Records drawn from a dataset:
*** Begin section ***
Lemma unitmx_symJ n : symJ F n \in unitmx.
Proof.
suff /mulmx1_unit[] : symJ F n *m (- symJ F n) = 1%:M by [].
rewrite mulmxN /symJ mulmx_block.
rewrite !(mulmx0, mul0mx, mulmx1, mul1mx, mulmxN, addr0, add0r, opprK).
by rewrite (scalar_mx_block n n) opp_block_mx !oppr0 opprK.
Qed.

Lemma mxrank_sdual n m (M : 'M[F]_(m, n + n)) :
  \rank (sdual M) = (n + n - \rank M)%N.
Proof.
rewrite /sdual mxrank_ker -mxrank_tr trmx_mul trmxK mxrankMfree //.
by rewrite row_free_unit unitmx_tr unitmx_symJ.
Qed.

Lemma block_diag_sub_sdual n p1 p2 p3 p4 (A : 'M[F]_(p1, n)) (B : 'M[F]_(p2, n))
    (C : 'M[F]_(p3, n)) (D : 'M[F]_(p4, n)) :
  A *m D^T = 0 -> B *m C^T = 0 -> (block_mx A 0 0 B <= sdual (block_mx C 0 0 D))%MS.
Proof.
move=> AD0 BC0; apply/sub_kermxP; rewrite mulmxA /symJ tr_block_mx !mulmx_block.
rewrite !(mulmx0, mul0mx, mulmx1, mulmxN, trmx0, mulNmx, addr0, add0r).
by rewrite AD0 BC0 !oppr0 block_mx0.
Qed.

Lemma swt_row_mx0 n (a : 'rV[F]_n) : swt (row_mx a 0) = wt a.
Proof. by apply: eq_card => i; rewrite !inE row_mxEl row_mxEr mxE eqxx orbF. Qed.

Lemma leq_wt_swtl n (a b : 'rV[F]_n) : (wt a <= swt (row_mx a b))%N.
Proof. by apply/subset_leq_card/subsetP => i; rewrite !inE row_mxEl => ->. Qed.

Lemma leq_wt_swtr n (a b : 'rV[F]_n) : (wt b <= swt (row_mx a b))%N.
Proof. by apply/subset_leq_card/subsetP => i; rewrite !inE row_mxEr => ->; rewrite orbT. Qed.

End Symplectic.

Section ReedSolomonQUENTA.
Variables (F : finFieldType) (n k t : nat) (alpha : F).
Hypotheses (prim_alpha : n.-primitive_root alpha)
  (lt_tk : (t < k)%N) (le_ktn : (k + t <= n)%N).

Local Notation E := (rs_mx n alpha).

Definition rs_stab : 'M[F]_(n - k + (n - k), n + n) :=
  block_mx (E (k + t) (n - k)) 0 0 (E 1 (n - k)).

(* Exponents n, ..., n + k - 1 rather than 0, ..., k - 1 keep all exponent
   sums against the stabilizer strictly between n and 2n. *)
Definition rs_stab_dual : 'M[F]_(k + k, n + n) :=
  block_mx (E n k) 0 0 (E (n - k + 1 - t) k).

Lemma rank_rs_stab : \rank rs_stab = (n - k + (n - k))%N.
Proof. by rewrite rank_diag_block_mx !mxrank_rs_mx // leq_subr. Qed.

Lemma sdual_rs_stab : (sdual rs_stab :=: rs_stab_dual)%MS.
Proof.
have le_kn : (k <= n)%N by lia.
have sub_dual : (rs_stab_dual <= sdual rs_stab)%MS.
  by apply: block_diag_sub_sdual; apply: rs_mx_orthogonal => //; lia.
apply/eqmx_sym/eqmxP; rewrite -(mxrank_leqif_eq sub_dual).2.
rewrite mxrank_sdual rank_rs_stab rank_diag_block_mx !mxrank_rs_mx //.
by apply/eqP; lia.
Qed.

Lemma rank_shull_rs_stab : \rank (shull rs_stab) = (t + t)%N.
Proof.
have := mxrank_sum_cap rs_stab (sdual rs_stab).
rewrite (adds_eqmx (eqmx_refl _) sdual_rs_stab) adds_block_diag rank_diag_block_mx.
rewrite !rs_mx_adds ?mxrank_rs_mx ?mxrank_sdual ?rank_rs_stab /shull //; lia.
Qed.

Lemma swt_rs_stab_dual (v : 'rV[F]_(n + n)) :
  (v <= rs_stab_dual)%MS -> v != 0 -> (n - k < swt v)%N.
Proof.
have le_kn : (k <= n)%N by lia.
rewrite -(hsubmxK v) row_mx_sub_block_diag => /andP[sub_l sub_r] v_nz.
have [l0|l_nz] := eqVneq (lsubmx v) 0.
  have r_nz : rsubmx v != 0 by apply: contra v_nz => /eqP r0; rewrite l0 r0 row_mx0.
  exact: leq_trans (rs_mx_wt prim_alpha le_kn sub_r r_nz) (leq_wt_swtr _ _).
exact: leq_trans (rs_mx_wt prim_alpha le_kn sub_l l_nz) (leq_wt_swtl _ _).
Qed.

Definition rs_min_poly : {poly F} :=
  \prod_(a <- [seq alpha ^+ j | j <- iota 0 k.-1]) ('X - a%:P).

Definition rs_min_word : 'rV[F]_n := poly_rV rs_min_poly *m E n k.

Lemma size_rs_min_poly : size rs_min_poly = k.
Proof. by rewrite size_prod_XsubC size_map size_iota prednK //; lia. Qed.

Lemma rs_min_word_notin : ~~ (rs_min_word <= E (k + t) (n - k))%MS.
Proof.
(* The left block of the stabilizer is orthogonal to E (n - k + 1 - t) k, but
   in column t of the product only the leading coefficient survives, times n. *)
have lt_k1k : (k.-1 < k)%N by lia.
apply/negP => /submxP[y def_w].
have : (rs_min_word *m (E (n - k + 1 - t) k)^T) 0 (Ordinal lt_tk) = 0.
  by rewrite def_w -mulmxA rs_mx_orthogonal ?mulmx0 ?mxE //; lia.
rewrite /rs_min_word -mulmxA mxE (bigD1 (Ordinal lt_k1k)) //= big1 => [|j ne_j].
  rewrite addr0 rs_mx_mul_trE sum_prim_root_expM // ifT; last first.
    by apply/dvdnP; exists 2%N; rewrite /=; lia.
  have lead1 : rs_min_poly`_k.-1 = 1.
    by rewrite -size_rs_min_poly -lead_coefE; apply: lead_coef_prod_XsubC.
  rewrite mxE /= lead1 mul1r => /eqP.
  by rewrite (negbTE (prim_root_natf_neq0 prim_alpha)).
rewrite rs_mx_mul_trE sum_prim_root_expM // ifN ?mulr0 //.
have ne_jk : (j : nat) != k.-1 by apply: contra ne_j => /eqP e; apply/eqP/val_inj.
by apply: (@ndvdn_between _ 1) => /=; move/eqP: ne_jk; have := ltn_ord j; lia.
Qed.

Lemma wt_rs_min_word : wt rs_min_word = (n - k + 1)%N.
Proof.
have le_kn : (k <= n)%N by lia.
have w_nz : rs_min_word != 0.
  by apply: contra rs_min_word_notin => /eqP ->; apply: sub0mx.
have lower : (n - k < wt rs_min_word)%N := rs_mx_wt prim_alpha le_kn (submxMl _ _) w_nz.
have le_k1n : (k.-1 <= n)%N by lia.
set Z0 := [set widen_ord le_k1n i | i : 'I_k.-1].
have card_Z0 : #|Z0| = k.-1.
  by rewrite card_imset ?cardsT ?card_ord // => i j /(congr1 val) /= /val_inj.
rewrite wt_card_zeros in lower *; set Z := [set i | _ == 0] in lower *.
have sub_Z0 : Z0 \subset Z.
  apply/subsetP => _ /imsetP[j _ ->]; rewrite inE.
  rewrite /rs_min_word mul_rV_rs_mx // poly_rV_K ?size_rs_min_poly //.
  by rewrite (rootP _) ?mulr0 // root_prod_XsubC map_f // mem_iota /= ltn_ord.
by have := subset_leq_card sub_Z0; rewrite card_Z0; lia.
Qed.

Lemma rs_stab_QUENTA : is_QUENTA (k - t) (n - k + 1) (n - k - t) rs_stab.
Proof.
split.
- by rewrite /ebits rank_rs_stab rank_shull_rs_stab !addnn -!mul2n -mulnBr mulKn.
- by rewrite rank_rs_stab; lia.
- exists (row_mx rs_min_word 0); rewrite swt_row_mx0 wt_rs_min_word eqxx andbT.
  rewrite sdual_rs_stab row_mx_sub_block_diag submxMl sub0mx /=.
  apply: contra rs_min_word_notin => /submx_trans/(_ (capmxSl _ _)).
  by rewrite row_mx_sub_block_diag => /andP[].
- move=> v sub_v notin_v; rewrite addn1; apply: swt_rs_stab_dual.
    by rewrite -sdual_rs_stab.
  by apply: contra notin_v => /eqP ->; apply: sub0mx.
Qed.

End ReedSolomonQUENTA.

Unset Implicit Arguments.

Theorem mainTheorem4 (F : finFieldType) (q n k b : nat) (alpha : F)
  (C : pred 'rV[F]_n)
  (hq : #|F| = q)
  (hk0 : (0 < k)%N) (hkn : (k < n)%N) (hnq : (n <= q)%N)
  (hdiv : (n %| q.-1)%N)
  (halpha : n.-primitive_root alpha)
  (hC : C =i @RS_code F n k b alpha)
  (hb0 : (0 < b)%N) (hbk : (2 * b <= k + 1)%N)
  (hc : (2 * k + 1 <= n + 2 * b)%N) :
  (@QUENTA_exists F n (2 * b - 1) (n - k + 1) (n + 2 * b - 2 * k - 1)
   /\ @QUENTA_MDS n (2 * b - 1) (n - k + 1) (n + 2 * b - 2 * k - 1))
  /\ ((2 * b = k + 1)%N ->
      @QUENTA_exists F n (2 * b - 1) (n - k + 1) (n + 2 * b - 2 * k - 1)
      /\ @QUENTA_MDS n (2 * b - 1) (n - k + 1) (n + 2 * b - 2 * k - 1)
      /\ @max_entangled n (2 * b - 1) (n + 2 * b - 2 * k - 1)).
Proof.
pose t := (k + 1 - 2 * b)%N.
have code : QUENTA_exists F n (2 * b - 1) (n - k + 1) (n + 2 * b - 2 * k - 1).
  have -> : (2 * b - 1 = k - t)%N by rewrite /t; lia.
  have -> : (n + 2 * b - 2 * k - 1 = n - k - t)%N by rewrite /t; lia.
  by exists _, (rs_stab n k t alpha); apply: rs_stab_QUENTA => //; rewrite /t; lia.
have mds : QUENTA_MDS n (2 * b - 1) (n - k + 1) (n + 2 * b - 2 * k - 1).
  by rewrite /QUENTA_MDS; lia.
by split=> // eq_bk; do !split=> //; rewrite /max_entangled; lia.
Qed.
*** End section ***
» ASSIGNED TASK:
Read the entries and select each line where the word "ReedSolomonQUENTA" is found.

» ANSWER AREA:
Section ReedSolomonQUENTA.
End ReedSolomonQUENTA.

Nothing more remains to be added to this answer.